● The problem
Working through the lines below, return each one that holds "exact".

(Source information Opens)

Lemma enorm0 : enorm (0 : 'rV[R]_d) = 0.
Proof. by rewrite /enorm big1 ?sqrtr0 // => j _; rewrite mxE expr0n. Qed.

Lemma enormZ (k : R) v : enorm (k *: v) = `|k| * enorm v.
Proof.
rewrite /enorm -sqrtr_sqr -sqrtrM ?sqr_ge0 // mulr_sumr.
by congr Num.sqrt; apply: eq_bigr => j _; rewrite mxE exprMn.
Qed.

Lemma dot_le_enorm u v : \sum_j u 0 j * v 0 j <= enorm u * enorm v.
Proof.
set p := \sum_j _; set su := \sum_j u 0 j ^+ 2; set sv := \sum_j v 0 j ^+ 2.
have lagrange : su * sv + sv * su - 2 * (p * p) =
    \sum_i \sum_j (u 0 i * v 0 j - u 0 j * v 0 i) ^+ 2.
  rewrite !big_distrlr mulr_sumr -big_split -sumrB; apply: eq_bigr => i _.
  by rewrite mulr_sumr -big_split -sumrB; apply: eq_bigr => j _ /=; ring.
have p2_le : p ^+ 2 <= su * sv.
  have : 0 <= su * sv + sv * su - 2 * (p * p).
    by rewrite lagrange sumr_ge0 // => i _; rewrite sumr_ge0 // => j _; exact: sqr_ge0.
  rewrite [sv * su]mulrC expr2; lra.
apply: le_trans (ler_norm p) _; rewrite -sqrtr_sqr -sqrtrM // ler_sqrt //.
exact: mulr_ge0.
Qed.

Lemma enormD u v : enorm (u + v) <= enorm u + enorm v.
Proof.
rewrite -(@ler_pXn2r _ 2) // ?nnegrE ?addr_ge0 ?enorm_ge0 //.
rewrite sqrrD !sqr_enorm -lerBlDr.
have -> : \sum_j (u + v) 0 j ^+ 2 - \sum_j v 0 j ^+ 2 =
    \sum_j u 0 j ^+ 2 + (\sum_j u 0 j * v 0 j) *+ 2.
  rewrite -mulr_natr mulr_suml -!big_split -sumrB; apply: eq_bigr => j _ /=.
  by rewrite !mxE; ring.
by rewrite lerD2l lerMn2r dot_le_enorm.
Qed.

Lemma enorm_sum (I : finType) (F : I -> 'rV[R]_d) :
  enorm (\sum_i F i) <= \sum_i enorm (F i).
Proof.
apply: (big_ind2 (fun x y => enorm x <= y)) => [|x a y b xa yb|i _].
- by rewrite enorm0.
- by apply: le_trans (enormD x y) _; exact: lerD.
- exact: lexx.
Qed.

End euclidean_norm.

Section bases.
Context {R : realType} {n d : nat} (A : 'M[R]_(n, d)).

Lemma row_subrows (I : {set 'I_n}) : #|I| = d ->
  forall j, exists k, row j (subrows A I) = row k A.
Proof.
move=> cardI j; have : (j < size (enum I))%N by rewrite -cardE cardI.
case E : (enum I) => [|k0 s] // js; exists (nth k0 (enum I) j).
by apply/rowP => l; rewrite !mxE E (nth_map k0).
Qed.

Lemma Mset_translate (I : {set 'I_n}) (y y' v : 'rV[R]_d) (m m' : R) :
  v *m invmx (subrows A I) = const_mx m' ->
  I \in Mset A y y' m -> I \in Mset A (y + v) (y' + v) (m + m').
Proof.
move=> vA; rewrite !inE => -[cardI AI [t t01 ht]]; split => //; exists t => // j.
have -> : (1 - t) *: (y + v) + t *: (y' + v) = (1 - t) *: y + t *: y' + v.
  by rewrite !scalerDr addrACA -scalerDl subrK scale1r.
by rewrite mulmxDl vA mxE [const_mx _ _ _]mxE lerD2r ht.
Qed.

End bases.

Lemma enorm_mulmx_const1 {R : realType} {k d : nat} (M : 'M[R]_(k, d)) (b : R) :
  (forall i, enorm (row i M) <= b) -> enorm (const_mx 1 *m M) <= k%:R * b.
Proof.
move=> Mb; rewrite mulmx_sum_row; apply: le_trans (enorm_sum _) _.
rewrite mulr_natl -[in b *+ _](card_ord k) -sumr_const; apply: ler_sum => i _.
by rewrite enormZ mxE normr1 mul1r.
Qed.

Lemma log_lipschitz1_translate {R : realType} {d : nat} (mu : 'rV[R]_d -> R) :
  log_lipschitz1 mu -> forall z v, expR (- enorm v) * mu z <= mu (z + v).
Proof.
move=> [mu_gt0 lip] z v; have := lip (z + v) z; rewrite addrAC subrr add0r.
rewrite ler_norml => /andP[lnz_le _].
by rewrite -[mu z]lnK ?posrE // -[mu (z + v)]lnK ?posrE // -expRD ler_expR -lerBrDr.
Qed.

Theorem corollary4p6 (R : realType) (n d : nat) (A : 'M[R]_(n, d))
  (hA : forall i : 'I_n, enorm (row i A) <= 2)
  (c c' : 'rV[R]_d) (I : {set 'I_n}) (hI : #|I| = d)
  (hAI : subrows A I \in unitmx)
  (mu : 'rV[R]_d -> R) (hpdf : is_pdf mu) (hlip : log_lipschitz1 mu) :
  let m := ln ((99 / 100 : R)^-1) / (2 * d%:R) in
  (Pr mu [set z | I \in Mset A (c + z) (c' + z) m] >=
   (99 / 100 : R)%:E * Pr mu [set z | I \in Mset A (c + z) (c' + z) 0])%E.
Proof.
cbv zeta; set L := ln _; set m := L / _; set AI := subrows A I.
have L_ge0 : 0 <= L by rewrite ln_ge0 // invf_ge1 //; lra.
have m_ge0 : 0 <= m by rewrite divr_ge0 // mulr_ge0.
pose v : 'rV[R]_d := m *: (const_mx 1 *m AI).
have vAI : v *m invmx AI = const_mx m.
  by rewrite -scalemxAl -mulmxA mulmxV // mulmx1; apply/rowP => j; rewrite !mxE mulr1.
have v_le : enorm v <= L.
  rewrite enormZ ger0_norm //; apply: le_trans (_ : m * (d%:R * 2) <= L).
    apply: ler_wpM2l => //; apply: enorm_mulmx_const1 => j.
    by have [k ->] := row_subrows A hI j.
  have [->|d_gt0] := posnP d; first by rewrite mul0r mulr0.
  by rewrite [d%:R * 2]mulrC divfK // mulf_neq0 // pnatr_eq0 -lt0n.
apply: (Pr_translate_ge (v := v)) => [|||z]; first lra.
- exact: hpdf.1.
- by move=> z /= /(Mset_translate vAI); rewrite add0r !addrA.
- apply: le_trans (log_lipschitz1_translate hlip z v).
  rewrite ler_wpM2r ?(ltW (hlip.1 z)) //.
  have -> : 99 / 100 = expR (- L) by rewrite expRN lnK ?invrK // posrE invr_gt0; lra.
  by rewrite ler_expR lerN2.
Qed.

(Source information Closes)

● Response box
    by rewrite lagrange sumr_ge0 // => i _; rewrite sumr_ge0 // => j _; exact: sqr_ge0.
exact: mulr_ge0.
- by apply: le_trans (enormD x y) _; exact: lerD.
- exact: lexx.
- exact: hpdf.1.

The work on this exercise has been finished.